## PROBLEM STATEMENT
Find the line with "pose A : 'M[F]_(#|U|, #|E|)" and the line with "(* (d, e) with" in the entries below; output exactly those two lines, every line between them, and no others.

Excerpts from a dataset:
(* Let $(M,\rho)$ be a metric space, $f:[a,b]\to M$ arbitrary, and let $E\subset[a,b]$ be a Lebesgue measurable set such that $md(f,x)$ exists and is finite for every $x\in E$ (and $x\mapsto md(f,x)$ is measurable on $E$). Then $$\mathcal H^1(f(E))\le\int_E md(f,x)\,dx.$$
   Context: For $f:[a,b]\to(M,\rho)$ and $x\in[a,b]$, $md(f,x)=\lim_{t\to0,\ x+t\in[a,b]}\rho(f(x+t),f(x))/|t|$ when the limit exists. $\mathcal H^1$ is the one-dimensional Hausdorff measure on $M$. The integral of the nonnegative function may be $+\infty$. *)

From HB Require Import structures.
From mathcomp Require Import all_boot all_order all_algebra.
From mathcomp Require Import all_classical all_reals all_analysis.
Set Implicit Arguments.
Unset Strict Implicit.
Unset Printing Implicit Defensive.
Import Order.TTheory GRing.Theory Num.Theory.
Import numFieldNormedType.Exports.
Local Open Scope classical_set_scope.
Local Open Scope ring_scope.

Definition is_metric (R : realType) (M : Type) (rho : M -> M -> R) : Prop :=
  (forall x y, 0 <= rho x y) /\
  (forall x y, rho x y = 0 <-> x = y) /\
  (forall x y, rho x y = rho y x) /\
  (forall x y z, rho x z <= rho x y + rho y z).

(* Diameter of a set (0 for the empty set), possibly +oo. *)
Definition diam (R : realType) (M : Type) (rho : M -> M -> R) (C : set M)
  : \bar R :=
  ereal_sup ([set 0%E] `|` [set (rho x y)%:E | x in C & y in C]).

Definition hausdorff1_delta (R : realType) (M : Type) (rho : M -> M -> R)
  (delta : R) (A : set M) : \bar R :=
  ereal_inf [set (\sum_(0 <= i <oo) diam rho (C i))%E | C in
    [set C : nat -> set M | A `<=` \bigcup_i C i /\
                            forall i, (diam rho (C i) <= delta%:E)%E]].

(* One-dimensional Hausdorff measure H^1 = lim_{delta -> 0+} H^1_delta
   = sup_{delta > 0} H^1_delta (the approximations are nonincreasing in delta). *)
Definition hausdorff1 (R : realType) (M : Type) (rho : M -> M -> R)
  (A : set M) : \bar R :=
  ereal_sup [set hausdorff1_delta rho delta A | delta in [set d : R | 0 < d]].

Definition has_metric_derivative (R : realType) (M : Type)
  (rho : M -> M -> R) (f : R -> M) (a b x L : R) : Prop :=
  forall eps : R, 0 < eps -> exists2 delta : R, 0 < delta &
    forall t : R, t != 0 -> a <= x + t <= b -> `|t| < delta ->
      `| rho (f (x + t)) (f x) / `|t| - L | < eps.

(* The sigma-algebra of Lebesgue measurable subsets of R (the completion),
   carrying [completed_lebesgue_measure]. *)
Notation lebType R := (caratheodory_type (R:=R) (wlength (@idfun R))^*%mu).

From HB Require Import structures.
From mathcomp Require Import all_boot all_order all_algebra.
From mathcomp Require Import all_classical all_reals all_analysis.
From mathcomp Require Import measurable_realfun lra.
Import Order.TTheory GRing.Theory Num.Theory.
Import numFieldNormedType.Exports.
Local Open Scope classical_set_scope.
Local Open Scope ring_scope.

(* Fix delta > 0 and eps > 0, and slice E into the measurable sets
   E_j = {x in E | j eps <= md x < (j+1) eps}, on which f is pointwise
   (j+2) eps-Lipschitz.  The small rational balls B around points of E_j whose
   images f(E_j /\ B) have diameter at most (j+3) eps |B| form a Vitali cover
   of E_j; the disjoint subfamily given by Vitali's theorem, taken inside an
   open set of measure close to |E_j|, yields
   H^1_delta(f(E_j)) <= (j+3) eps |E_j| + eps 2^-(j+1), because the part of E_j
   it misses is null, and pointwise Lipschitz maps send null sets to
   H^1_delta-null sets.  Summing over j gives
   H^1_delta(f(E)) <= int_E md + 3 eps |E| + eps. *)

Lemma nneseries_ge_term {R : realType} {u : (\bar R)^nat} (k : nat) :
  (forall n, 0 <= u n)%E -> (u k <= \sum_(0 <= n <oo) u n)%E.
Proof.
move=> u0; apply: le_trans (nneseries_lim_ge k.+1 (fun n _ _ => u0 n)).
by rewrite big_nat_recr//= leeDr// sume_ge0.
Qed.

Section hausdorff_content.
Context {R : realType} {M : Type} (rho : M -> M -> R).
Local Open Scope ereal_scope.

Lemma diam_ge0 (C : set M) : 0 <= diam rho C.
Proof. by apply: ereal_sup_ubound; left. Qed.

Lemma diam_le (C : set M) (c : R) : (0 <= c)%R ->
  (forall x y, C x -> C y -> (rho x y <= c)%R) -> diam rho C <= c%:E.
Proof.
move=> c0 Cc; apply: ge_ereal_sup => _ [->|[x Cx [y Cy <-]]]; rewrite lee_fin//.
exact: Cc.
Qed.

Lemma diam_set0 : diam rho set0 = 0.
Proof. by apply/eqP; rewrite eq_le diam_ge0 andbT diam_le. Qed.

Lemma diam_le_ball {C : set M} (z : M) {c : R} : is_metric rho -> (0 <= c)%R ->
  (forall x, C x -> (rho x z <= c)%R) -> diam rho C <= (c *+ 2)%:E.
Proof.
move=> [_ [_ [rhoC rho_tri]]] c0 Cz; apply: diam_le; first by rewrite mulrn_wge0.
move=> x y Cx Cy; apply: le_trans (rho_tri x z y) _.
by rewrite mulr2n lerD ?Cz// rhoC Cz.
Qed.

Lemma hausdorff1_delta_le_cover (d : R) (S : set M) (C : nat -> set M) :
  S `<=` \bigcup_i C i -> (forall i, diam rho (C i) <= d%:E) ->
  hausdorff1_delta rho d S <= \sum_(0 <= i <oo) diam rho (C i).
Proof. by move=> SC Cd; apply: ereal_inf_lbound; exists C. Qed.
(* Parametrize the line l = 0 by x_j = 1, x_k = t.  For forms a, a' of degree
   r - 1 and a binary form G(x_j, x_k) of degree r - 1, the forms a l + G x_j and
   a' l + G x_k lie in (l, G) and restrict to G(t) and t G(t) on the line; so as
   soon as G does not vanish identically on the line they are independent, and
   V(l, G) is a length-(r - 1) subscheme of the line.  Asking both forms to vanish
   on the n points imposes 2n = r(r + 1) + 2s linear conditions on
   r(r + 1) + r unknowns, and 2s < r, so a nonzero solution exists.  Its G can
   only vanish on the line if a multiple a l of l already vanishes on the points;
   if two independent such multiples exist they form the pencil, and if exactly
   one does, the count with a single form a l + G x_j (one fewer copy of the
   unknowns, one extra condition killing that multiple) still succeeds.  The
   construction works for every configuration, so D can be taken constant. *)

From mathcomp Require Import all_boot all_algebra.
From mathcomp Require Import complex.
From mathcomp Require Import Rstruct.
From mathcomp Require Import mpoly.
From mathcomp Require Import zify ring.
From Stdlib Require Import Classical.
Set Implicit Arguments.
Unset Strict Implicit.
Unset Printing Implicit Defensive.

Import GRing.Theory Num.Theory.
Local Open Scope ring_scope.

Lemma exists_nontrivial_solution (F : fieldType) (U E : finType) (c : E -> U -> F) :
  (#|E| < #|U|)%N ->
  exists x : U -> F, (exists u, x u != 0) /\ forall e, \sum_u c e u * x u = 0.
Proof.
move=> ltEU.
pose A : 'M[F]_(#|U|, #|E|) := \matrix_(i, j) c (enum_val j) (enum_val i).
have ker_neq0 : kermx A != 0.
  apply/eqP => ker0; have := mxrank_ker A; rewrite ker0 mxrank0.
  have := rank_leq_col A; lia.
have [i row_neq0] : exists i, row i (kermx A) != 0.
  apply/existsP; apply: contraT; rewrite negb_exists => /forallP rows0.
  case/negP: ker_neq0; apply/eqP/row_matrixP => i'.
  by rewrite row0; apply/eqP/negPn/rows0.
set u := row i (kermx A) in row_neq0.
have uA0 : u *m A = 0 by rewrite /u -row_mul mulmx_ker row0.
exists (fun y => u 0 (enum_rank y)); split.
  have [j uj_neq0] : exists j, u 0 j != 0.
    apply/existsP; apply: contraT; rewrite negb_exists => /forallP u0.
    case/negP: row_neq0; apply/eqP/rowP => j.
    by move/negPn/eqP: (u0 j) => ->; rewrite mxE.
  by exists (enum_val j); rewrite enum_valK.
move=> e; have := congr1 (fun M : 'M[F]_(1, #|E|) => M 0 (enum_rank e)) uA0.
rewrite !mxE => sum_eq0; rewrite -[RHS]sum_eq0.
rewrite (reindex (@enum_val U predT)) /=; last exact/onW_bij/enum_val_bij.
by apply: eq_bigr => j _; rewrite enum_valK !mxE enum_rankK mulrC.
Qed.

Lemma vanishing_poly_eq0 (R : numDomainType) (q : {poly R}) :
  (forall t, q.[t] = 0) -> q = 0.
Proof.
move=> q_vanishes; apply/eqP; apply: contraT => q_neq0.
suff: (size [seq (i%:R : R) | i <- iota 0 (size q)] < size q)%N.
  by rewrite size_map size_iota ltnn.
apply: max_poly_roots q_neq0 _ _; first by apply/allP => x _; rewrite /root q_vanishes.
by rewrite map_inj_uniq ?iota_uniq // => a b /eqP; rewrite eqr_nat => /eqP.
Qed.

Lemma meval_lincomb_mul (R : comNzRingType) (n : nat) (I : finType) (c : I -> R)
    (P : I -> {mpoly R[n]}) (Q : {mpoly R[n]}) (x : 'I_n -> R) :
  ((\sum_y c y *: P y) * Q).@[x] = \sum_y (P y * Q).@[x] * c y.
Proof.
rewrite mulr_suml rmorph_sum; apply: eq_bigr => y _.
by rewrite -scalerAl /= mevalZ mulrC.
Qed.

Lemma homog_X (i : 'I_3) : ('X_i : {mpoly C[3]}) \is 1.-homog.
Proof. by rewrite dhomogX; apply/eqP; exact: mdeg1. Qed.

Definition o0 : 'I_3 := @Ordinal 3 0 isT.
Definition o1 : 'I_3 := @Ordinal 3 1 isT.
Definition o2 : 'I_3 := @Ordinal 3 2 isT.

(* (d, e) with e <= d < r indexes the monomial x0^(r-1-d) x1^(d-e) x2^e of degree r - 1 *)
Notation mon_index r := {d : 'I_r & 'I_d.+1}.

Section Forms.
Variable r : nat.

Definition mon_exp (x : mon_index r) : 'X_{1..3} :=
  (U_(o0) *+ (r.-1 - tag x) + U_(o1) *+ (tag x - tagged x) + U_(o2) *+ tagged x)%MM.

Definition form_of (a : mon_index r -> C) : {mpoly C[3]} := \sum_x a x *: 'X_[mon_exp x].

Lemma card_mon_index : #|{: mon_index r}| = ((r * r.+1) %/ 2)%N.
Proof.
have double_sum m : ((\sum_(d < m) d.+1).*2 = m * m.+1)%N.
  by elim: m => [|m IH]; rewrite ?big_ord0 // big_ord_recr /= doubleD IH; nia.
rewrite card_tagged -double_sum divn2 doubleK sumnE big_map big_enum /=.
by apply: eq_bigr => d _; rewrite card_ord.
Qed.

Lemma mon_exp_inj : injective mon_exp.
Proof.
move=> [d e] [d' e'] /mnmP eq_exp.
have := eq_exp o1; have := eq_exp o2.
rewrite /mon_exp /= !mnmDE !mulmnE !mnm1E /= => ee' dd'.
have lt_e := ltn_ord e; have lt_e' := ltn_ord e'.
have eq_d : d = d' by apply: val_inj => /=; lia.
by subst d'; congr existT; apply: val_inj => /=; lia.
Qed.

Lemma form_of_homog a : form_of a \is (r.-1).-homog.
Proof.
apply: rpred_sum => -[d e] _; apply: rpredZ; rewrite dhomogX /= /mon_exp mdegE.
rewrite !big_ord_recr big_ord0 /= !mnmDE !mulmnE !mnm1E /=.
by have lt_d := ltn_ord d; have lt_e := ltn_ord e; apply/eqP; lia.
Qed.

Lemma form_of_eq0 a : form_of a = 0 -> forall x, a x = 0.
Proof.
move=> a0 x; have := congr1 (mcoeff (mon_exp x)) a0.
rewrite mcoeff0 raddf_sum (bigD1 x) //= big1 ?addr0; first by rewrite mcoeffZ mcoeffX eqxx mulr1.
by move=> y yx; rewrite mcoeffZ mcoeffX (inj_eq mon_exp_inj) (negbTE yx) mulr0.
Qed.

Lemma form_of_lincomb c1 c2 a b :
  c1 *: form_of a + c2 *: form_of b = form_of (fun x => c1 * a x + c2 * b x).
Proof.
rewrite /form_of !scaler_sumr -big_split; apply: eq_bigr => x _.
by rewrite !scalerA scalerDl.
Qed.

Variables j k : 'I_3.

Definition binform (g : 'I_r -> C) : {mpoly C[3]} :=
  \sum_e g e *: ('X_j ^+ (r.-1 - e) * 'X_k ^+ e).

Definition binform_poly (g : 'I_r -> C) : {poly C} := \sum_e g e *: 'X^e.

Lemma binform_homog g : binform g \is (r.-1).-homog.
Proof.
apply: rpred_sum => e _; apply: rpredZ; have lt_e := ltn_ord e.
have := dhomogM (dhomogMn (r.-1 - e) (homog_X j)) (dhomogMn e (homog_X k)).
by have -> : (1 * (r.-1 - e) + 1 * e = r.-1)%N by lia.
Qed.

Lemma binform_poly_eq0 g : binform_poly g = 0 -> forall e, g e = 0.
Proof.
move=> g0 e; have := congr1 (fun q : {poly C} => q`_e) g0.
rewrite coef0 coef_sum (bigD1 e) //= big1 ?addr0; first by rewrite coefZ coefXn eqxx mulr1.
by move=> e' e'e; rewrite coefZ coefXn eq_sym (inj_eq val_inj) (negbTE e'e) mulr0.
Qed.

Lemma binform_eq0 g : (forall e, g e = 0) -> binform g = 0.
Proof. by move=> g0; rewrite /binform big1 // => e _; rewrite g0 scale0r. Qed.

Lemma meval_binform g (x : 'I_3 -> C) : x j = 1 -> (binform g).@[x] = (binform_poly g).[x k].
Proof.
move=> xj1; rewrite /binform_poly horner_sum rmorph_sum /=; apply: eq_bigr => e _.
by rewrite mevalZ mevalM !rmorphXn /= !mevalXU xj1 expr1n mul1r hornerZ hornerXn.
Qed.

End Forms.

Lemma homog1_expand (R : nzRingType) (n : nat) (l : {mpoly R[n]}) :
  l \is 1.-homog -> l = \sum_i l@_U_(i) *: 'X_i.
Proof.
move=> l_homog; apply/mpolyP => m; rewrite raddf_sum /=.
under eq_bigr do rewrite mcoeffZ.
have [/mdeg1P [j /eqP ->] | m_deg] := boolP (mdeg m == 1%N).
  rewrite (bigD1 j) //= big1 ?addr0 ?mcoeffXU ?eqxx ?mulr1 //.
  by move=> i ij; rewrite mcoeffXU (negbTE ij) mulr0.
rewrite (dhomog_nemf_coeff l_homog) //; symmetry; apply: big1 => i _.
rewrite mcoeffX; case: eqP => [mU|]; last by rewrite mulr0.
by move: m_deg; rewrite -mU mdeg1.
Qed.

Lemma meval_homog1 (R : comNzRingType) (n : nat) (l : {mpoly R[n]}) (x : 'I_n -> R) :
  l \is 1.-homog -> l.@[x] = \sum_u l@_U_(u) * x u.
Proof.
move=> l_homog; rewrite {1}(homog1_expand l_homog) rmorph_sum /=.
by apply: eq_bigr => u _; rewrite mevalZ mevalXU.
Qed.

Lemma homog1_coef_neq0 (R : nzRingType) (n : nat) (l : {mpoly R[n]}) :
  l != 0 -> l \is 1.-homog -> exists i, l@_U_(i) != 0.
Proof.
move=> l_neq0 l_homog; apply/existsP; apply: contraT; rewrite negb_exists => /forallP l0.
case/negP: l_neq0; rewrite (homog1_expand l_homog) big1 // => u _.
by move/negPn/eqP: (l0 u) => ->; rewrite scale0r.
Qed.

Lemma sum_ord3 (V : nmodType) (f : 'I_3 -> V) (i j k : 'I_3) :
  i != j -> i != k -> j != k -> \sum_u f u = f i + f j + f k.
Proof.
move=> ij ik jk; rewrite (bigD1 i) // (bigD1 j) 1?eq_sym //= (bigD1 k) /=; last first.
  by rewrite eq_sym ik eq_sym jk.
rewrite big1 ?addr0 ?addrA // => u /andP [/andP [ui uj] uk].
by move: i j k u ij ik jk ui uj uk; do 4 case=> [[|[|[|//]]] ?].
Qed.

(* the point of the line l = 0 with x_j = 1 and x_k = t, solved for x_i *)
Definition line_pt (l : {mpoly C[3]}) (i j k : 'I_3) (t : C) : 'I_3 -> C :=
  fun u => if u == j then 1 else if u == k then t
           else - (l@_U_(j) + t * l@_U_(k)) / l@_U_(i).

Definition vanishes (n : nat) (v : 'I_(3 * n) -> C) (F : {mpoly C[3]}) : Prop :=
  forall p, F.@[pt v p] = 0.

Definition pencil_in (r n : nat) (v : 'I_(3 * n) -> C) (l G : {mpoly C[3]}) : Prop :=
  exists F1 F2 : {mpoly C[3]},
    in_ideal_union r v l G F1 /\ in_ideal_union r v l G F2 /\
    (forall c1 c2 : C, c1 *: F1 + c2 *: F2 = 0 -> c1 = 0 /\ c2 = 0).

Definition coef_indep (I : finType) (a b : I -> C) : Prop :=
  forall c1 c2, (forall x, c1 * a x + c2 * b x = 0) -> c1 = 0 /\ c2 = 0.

## THE COMPLETED TASK
pose A : 'M[F]_(#|U|, #|E|) := \matrix_(i, j) c (enum_val j) (enum_val i).
have ker_neq0 : kermx A != 0.
  apply/eqP => ker0; have := mxrank_ker A; rewrite ker0 mxrank0.
  have := rank_leq_col A; lia.
have [i row_neq0] : exists i, row i (kermx A) != 0.
  apply/existsP; apply: contraT; rewrite negb_exists => /forallP rows0.
  case/negP: ker_neq0; apply/eqP/row_matrixP => i'.
  by rewrite row0; apply/eqP/negPn/rows0.
set u := row i (kermx A) in row_neq0.
have uA0 : u *m A = 0 by rewrite /u -row_mul mulmx_ker row0.
exists (fun y => u 0 (enum_rank y)); split.
  have [j uj_neq0] : exists j, u 0 j != 0.
    apply/existsP; apply: contraT; rewrite negb_exists => /forallP u0.
    case/negP: row_neq0; apply/eqP/rowP => j.
    by move/negPn/eqP: (u0 j) => ->; rewrite mxE.
  by exists (enum_val j); rewrite enum_valK.
move=> e; have := congr1 (fun M : 'M[F]_(1, #|E|) => M 0 (enum_rank e)) uA0.
rewrite !mxE => sum_eq0; rewrite -[RHS]sum_eq0.
rewrite (reindex (@enum_val U predT)) /=; last exact/onW_bij/enum_val_bij.
by apply: eq_bigr => j _; rewrite enum_valK !mxE enum_rankK mulrC.
Qed.

Lemma vanishing_poly_eq0 (R : numDomainType) (q : {poly R}) :
  (forall t, q.[t] = 0) -> q = 0.
Proof.
move=> q_vanishes; apply/eqP; apply: contraT => q_neq0.
suff: (size [seq (i%:R : R) | i <- iota 0 (size q)] < size q)%N.
  by rewrite size_map size_iota ltnn.
apply: max_poly_roots q_neq0 _ _; first by apply/allP => x _; rewrite /root q_vanishes.
by rewrite map_inj_uniq ?iota_uniq // => a b /eqP; rewrite eqr_nat => /eqP.
Qed.

Lemma meval_lincomb_mul (R : comNzRingType) (n : nat) (I : finType) (c : I -> R)
    (P : I -> {mpoly R[n]}) (Q : {mpoly R[n]}) (x : 'I_n -> R) :
  ((\sum_y c y *: P y) * Q).@[x] = \sum_y (P y * Q).@[x] * c y.
Proof.
rewrite mulr_suml rmorph_sum; apply: eq_bigr => y _.
by rewrite -scalerAl /= mevalZ mulrC.
Qed.

Lemma homog_X (i : 'I_3) : ('X_i : {mpoly C[3]}) \is 1.-homog.
Proof. by rewrite dhomogX; apply/eqP; exact: mdeg1. Qed.

Definition o0 : 'I_3 := @Ordinal 3 0 isT.
Definition o1 : 'I_3 := @Ordinal 3 1 isT.
Definition o2 : 'I_3 := @Ordinal 3 2 isT.

(* (d, e) with e <= d < r indexes the monomial x0^(r-1-d) x1^(d-e) x2^e of degree r - 1 *)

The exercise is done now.